> **Action item**
Two lines below mark the span: the one containing "move=> x; rewrite lt_min => /andP[xze xzd] i." and the one containing "apply/eqP; rewrite -[_". Set down both, plus every line between, exactly as they stand, and nothing else.

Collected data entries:
┌──

Lemma dwidth_gt0 z : (0 < n)%N -> Zset f z -> 0 < d z.
Proof.
move=> n0 Zz; have ratio_gt0 i : 0 < ratio i z.
  by rewrite divr_gt0 // normr_gt0 ltr0_neq0.
rewrite /dwidth asboolT //; apply/bigmin_gtP; split=> [|i _]; last exact: ratio_gt0.
exact: lt_le_trans (ratio_gt0 (Ordinal n0)) (le_bigmax _ _ _).
Qed.

(* Within the window, the Lipschitz bound cannot use up the margin [|f_i z|]
   that defines the grid width. *)
Lemma Zset_window_le0 z x i : Zset f z -> `|x - z| <= eps_max ->
  `|x - z| <= d z -> f i x <= 0.
Proof.
move=> Zz xze xzd; have /ler_normlP[_] := lip_window i xze.
have : L i z * `|x - z| <= L i z * ratio i z.
  by rewrite ler_pM2l // (le_trans xzd) ?dwidth_le_ratio.
rewrite L_mul_ratio (ltr0_norm (Zz i)) => *; lra.
Qed.

Lemma Zset_window_lt0 z x i : Zset f z -> `|x - z| <= eps_max ->
  `|x - z| < d z -> f i x < 0.
Proof.
move=> Zz xze xzd; have /ler_normlP[_] := lip_window i xze.
have : L i z * `|x - z| < L i z * ratio i z.
  by rewrite ltr_pM2l // (lt_le_trans xzd) ?dwidth_le_ratio.
rewrite L_mul_ratio (ltr0_norm (Zz i)) => *; lra.
Qed.

Lemma notZset_window z x : ~ Zset f z -> 0 <= x - z <= eps_max ->
  x - z <= d z -> ~ Zset f x.
Proof.
move=> Zz /andP[xz0 xze] xzd Zx; have [i fi dE] := dwidth_notZset Zz.
rewrite -(ger0_norm xz0) in xze xzd.
have /ler_normlP[fxz _] := lip_window i xze.
have : L i z * `|x - z| <= L i z * ratio i z by rewrite ler_pM2l // -dE.
rewrite L_mul_ratio (ger0_norm fi) => *; have := Zx i; lra.
Qed.

Lemma Zset_nbhs z : (0 < n)%N -> 0 < eps_max -> Zset f z ->
  exists2 r, 0 < r & forall x, `|x - z| < r -> Zset f x.
Proof.
move=> n0 e0 Zz; exists (Num.min eps_max (d z)); first by rewrite lt_min e0 dwidth_gt0.
move=> x; rewrite lt_min => /andP[xze xzd] i.
exact: Zset_window_lt0 (ltW xze) xzd.
Qed.

Lemma normal_prob_Zset_gt0 z : (0 < n)%N -> 0 < eps_max ->
  (forall i, continuous (f i)) -> Zset f z -> 0 < fine (normal_prob 0 1 (Zset f)).
Proof.
move=> n0 e0 fc Zz; have [r r0 rZ] := Zset_nbhs n0 e0 Zz.
have mI : measurable `](z - r)%R, (z + r)%R[%classic by exact: measurable_itv.
have IZ : `](z - r)%R, (z + r)%R[ `<=` Zset f.
  by move=> x; rewrite /= in_itv /= -ltr_distl => /rZ.
apply: lt_le_trans
  (@fine_le_measure _ _ _ (@normal_prob R 0 1) _ _ mI (measurable_Zset fc) IZ).
by rewrite -lte_fin fineK ?fin_num_measure // normal_prob_itvoo_gt0.
Qed.

Section grid.
Variables (eps_min S zobs : R).
Hypotheses (eps_min_gt0 : 0 < eps_min) (eps_min_le : eps_min <= eps_max).
Hypothesis f_cont : forall i, continuous (f i).
Hypothesis Zobs : Zset f zobs.
Local Notation step := (gstep f L eps_max eps_min).
Local Notation zg := (zgrid f L eps_max eps_min S).
Local Notation G := (Zgrid f L eps_max eps_min S zobs).

Definition near_zero (x : R) := exists i q, f i q = 0 /\ `|x - q| <= eps_min.

Lemma sign_eq_off_zeros i x z : ~ near_zero x -> `|x - z| <= eps_min ->
  (f i x < 0) = (f i z < 0).
Proof.
move=> nx; rewrite ler_distl => /andP[xz1 xz2].
apply/eqP; rewrite -[_ == _]negbK; apply/negP => sgn; apply: nx.
have [c /andP[c1 c2] fc0] : exists2 c, Num.min x z <= c <= Num.max x z & f i c = 0.
  have [xz|zx] := leP x z; first exact: sign_change_root (@f_cont i) xz sgn.
  by apply: sign_change_root (@f_cont i) (ltW zx) _; rewrite eq_sym.
exists i, c; split => //; rewrite ler_distl; move: c1 c2.
by have [xz|zx] := leP x z => c1 c2; apply/andP; split; lra.
Qed.

Lemma gstep_ge z : eps_min <= step z.
Proof. by rewrite /gstep le_min eps_min_le le_max lexx orbT. Qed.

Lemma gstep_le z : step z <= eps_max.
Proof. by rewrite /gstep ge_min lexx. Qed.

Lemma gstep_le_dwidth z : eps_min < step z -> step z <= d z.
Proof.
rewrite /gstep lt_min => /andP[_]; rewrite lt_max ltxx orbF => dz.
by rewrite ge_min ge_max lexx (ltW dz) orbT.
Qed.

Lemma zgrid_ge j : - S + j%:R * eps_min <= zg j.
Proof.
elim: j => [|j IH]; first by rewrite mul0r addr0.
by rewrite /= -natr1 mulrDl mul1r addrA lerD // gstep_ge.
Qed.

Lemma zgrid_bracket x : - S <= x -> exists j, zg j <= x < zg j.+1.
Proof.
move=> Sx; suff [m xm] : exists m, x < zg m.
  elim: m xm => [|m IH] xm; first by rewrite ltNge Sx in xm.
  by have [mx|xm'] := leP (zg m) x; [exists m; rewrite mx | exact: IH].
have h0 : 0 <= (x + S) / eps_min by rewrite divr_ge0 ?(ltW eps_min_gt0) //; lra.
exists (truncn ((x + S) / eps_min)).+1.
have := zgrid_ge (truncn ((x + S) / eps_min)).+1.
have : (x + S) / eps_min < (truncn ((x + S) / eps_min)).+1%:R.
  by rewrite -truncn_lt_nat.
rewrite ltr_pdivrMr // => *; lra.
Qed.

Lemma Zset_of_window z x : ~ near_zero x -> Zset f z ->
  `|x - z| <= eps_max -> `|x - z| <= d z -> Zset f x.
Proof.
move=> nx Zz xze xzd i; rewrite lt_neqAle (Zset_window_le0 _ Zz xze xzd) andbT.
apply/eqP => fx0; apply: nx; exists i, x; split => //.
by rewrite subrr normr0 ltW.
Qed.

(* Off the zeros, a point of a grid cell lies in [Z] iff its left end does:
   either it is within [eps_min] of it, or the step was the grid width. *)
Lemma Zset_cell j x : ~ near_zero x -> zg j <= x <= zg j.+1 ->
  (Zset f x <-> Zset f (zg j)).
Proof.
move=> nx /andP[j1 j2]; have xj0 : 0 <= x - zg j by rewrite subr_ge0.
have [xj|xj] := leP (x - zg j) eps_min.
  have xj' : `|x - zg j| <= eps_min by rewrite ger0_norm.
  by split=> Z i; rewrite ?(sign_eq_off_zeros i nx xj')
    // -(sign_eq_off_zeros i nx xj').
have sj : eps_min < step (zg j) by move: j2 => /=; lra.
have [sd se] := (gstep_le_dwidth sj, gstep_le (zg j)).
move: j2 => /= j2; split=> Z.
  by apply: contrapT => Zj; apply: (notZset_window Zj _ _ Z); rewrite ?xj0 /=; lra.
by apply: (Zset_of_window nx Z); rewrite ger0_norm; lra.
Qed.

Lemma Zset_sub_Zgrid x : ~ near_zero x -> - S < x < S -> Zset f x -> G x.
Proof.
move=> nx /andP[Sx xS] Zx; have [j /andP[j1 j2]] := zgrid_bracket (ltW Sx).
left; exists j => //; split; first exact: le_lt_trans j1 xS.
have xj : zg j <= x <= zg j.+1 by rewrite j1 ltW.
by split=> //; apply/(Zset_cell nx xj).
Qed.

Lemma Zgrid_sub_Zset x : ~ near_zero x -> G x -> Zset f x.
Proof.
move=> nx [[j _ [_ [Zj xj]]] | /andP[J1 J2]]; first exact/(Zset_cell nx xj).
have [od1 od2] : dobs f L eps_max zobs <= eps_max /\ dobs f L eps_max zobs <= d zobs.
  by rewrite /dobs !ge_min !lexx orbT.
by apply: (Zset_of_window nx Zobs); rewrite ler_distl; apply/andP; split; lra.
Qed.

Lemma measurable_Zgrid : measurable G.
Proof.
apply: measurableU; last exact: (measurable_itv `[_, _]).
apply: bigcupT_measurable => j.
have [[jS Zj]|nj] := pselect (zg j < S /\ Zset f (zg j)).
  have -> : [set x | zg j < S /\ Zset f (zg j) /\ zg j <= x <= zg j.+1] =
      `[zg j, zg j.+1]%classic.
    by apply/seteqP; split => x; rewrite /= in_itv /=; [case=> _ [] | split].
  exact: measurable_itv.
have -> : [set x | zg j < S /\ Zset f (zg j) /\ zg j <= x <= zg j.+1] = set0.
  by apply/seteqP; split => x // -[jS [Zj _]]; apply: nj.
exact: measurable0.
Qed.

(* [Z] and [Z^grid] can only differ outside [(-S, S)] or within [eps_min] of a zero. *)
Lemma p_grid_dist (s : seq R) : [set q | exists i, f i q = 0] = [set` s] ->
  1 <= S -> 0 < fine (normal_prob 0 1 (Zset f)) ->
  `|p_selective f zobs - p_grid f L eps_max eps_min S zobs|
    <= 2 * (2 * expR (- S ^+ 2 / 2) + (size s)%:R * (2 * eps_min))
       / fine (normal_prob 0 1 (Zset f)).
Proof.
move=> zerosE S1 PZ0.
pose T : set R := `]-oo, (- S)%R] `|` `[S, +oo[.
have mT : measurable T by apply: measurableU; exact: measurable_itv.
have mN := measurable_thickening s eps_min.
have mE := measurableU _ _ mT mN.
have ZG x : ~ (T `|` thickening s eps_min) x -> (Zset f x <-> G x).
  move=> Ex; have nx : ~ near_zero x.
    move=> [i [q [fq xq]]]; apply: Ex; right; apply/thickeningP; exists q => //.
    by have : [set` s] q by rewrite -zerosE; exists i.
  split; last exact: Zgrid_sub_Zset.
  have [Sx xS] : - S < x /\ x < S.
    by split; rewrite ltNge; apply/negP => h; apply: Ex; left; [left | right];
      rewrite /= in_itv /= ?h.
  by apply: Zset_sub_Zgrid => //; rewrite Sx xS.
apply: le_trans (cond_prob_std_normal_dist (measurable_norm_gt _)
  (measurable_Zset f_cont) measurable_Zgrid mE ZG PZ0) _.
rewrite ler_pM2r ?invr_gt0 // ler_pM2l //.
have := @fine_measure_le_setU _ _ _ (@normal_prob R 0 1) _ _ _ mE mT mN (fun x h => h).
have := normal_prob_thickening_le s (ltW eps_min_gt0).
have := normal_prob_tails_le S1.
lra.
Qed.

└──

> **Solved problem**
move=> x; rewrite lt_min => /andP[xze xzd] i.
exact: Zset_window_lt0 (ltW xze) xzd.
Qed.

Lemma normal_prob_Zset_gt0 z : (0 < n)%N -> 0 < eps_max ->
  (forall i, continuous (f i)) -> Zset f z -> 0 < fine (normal_prob 0 1 (Zset f)).
Proof.
move=> n0 e0 fc Zz; have [r r0 rZ] := Zset_nbhs n0 e0 Zz.
have mI : measurable `](z - r)%R, (z + r)%R[%classic by exact: measurable_itv.
have IZ : `](z - r)%R, (z + r)%R[ `<=` Zset f.
  by move=> x; rewrite /= in_itv /= -ltr_distl => /rZ.
apply: lt_le_trans
  (@fine_le_measure _ _ _ (@normal_prob R 0 1) _ _ mI (measurable_Zset fc) IZ).
by rewrite -lte_fin fineK ?fin_num_measure // normal_prob_itvoo_gt0.
Qed.

Section grid.
Variables (eps_min S zobs : R).
Hypotheses (eps_min_gt0 : 0 < eps_min) (eps_min_le : eps_min <= eps_max).
Hypothesis f_cont : forall i, continuous (f i).
Hypothesis Zobs : Zset f zobs.
Local Notation step := (gstep f L eps_max eps_min).
Local Notation zg := (zgrid f L eps_max eps_min S).
Local Notation G := (Zgrid f L eps_max eps_min S zobs).

Definition near_zero (x : R) := exists i q, f i q = 0 /\ `|x - q| <= eps_min.

Lemma sign_eq_off_zeros i x z : ~ near_zero x -> `|x - z| <= eps_min ->
  (f i x < 0) = (f i z < 0).
Proof.
move=> nx; rewrite ler_distl => /andP[xz1 xz2].
apply/eqP; rewrite -[_ == _]negbK; apply/negP => sgn; apply: nx.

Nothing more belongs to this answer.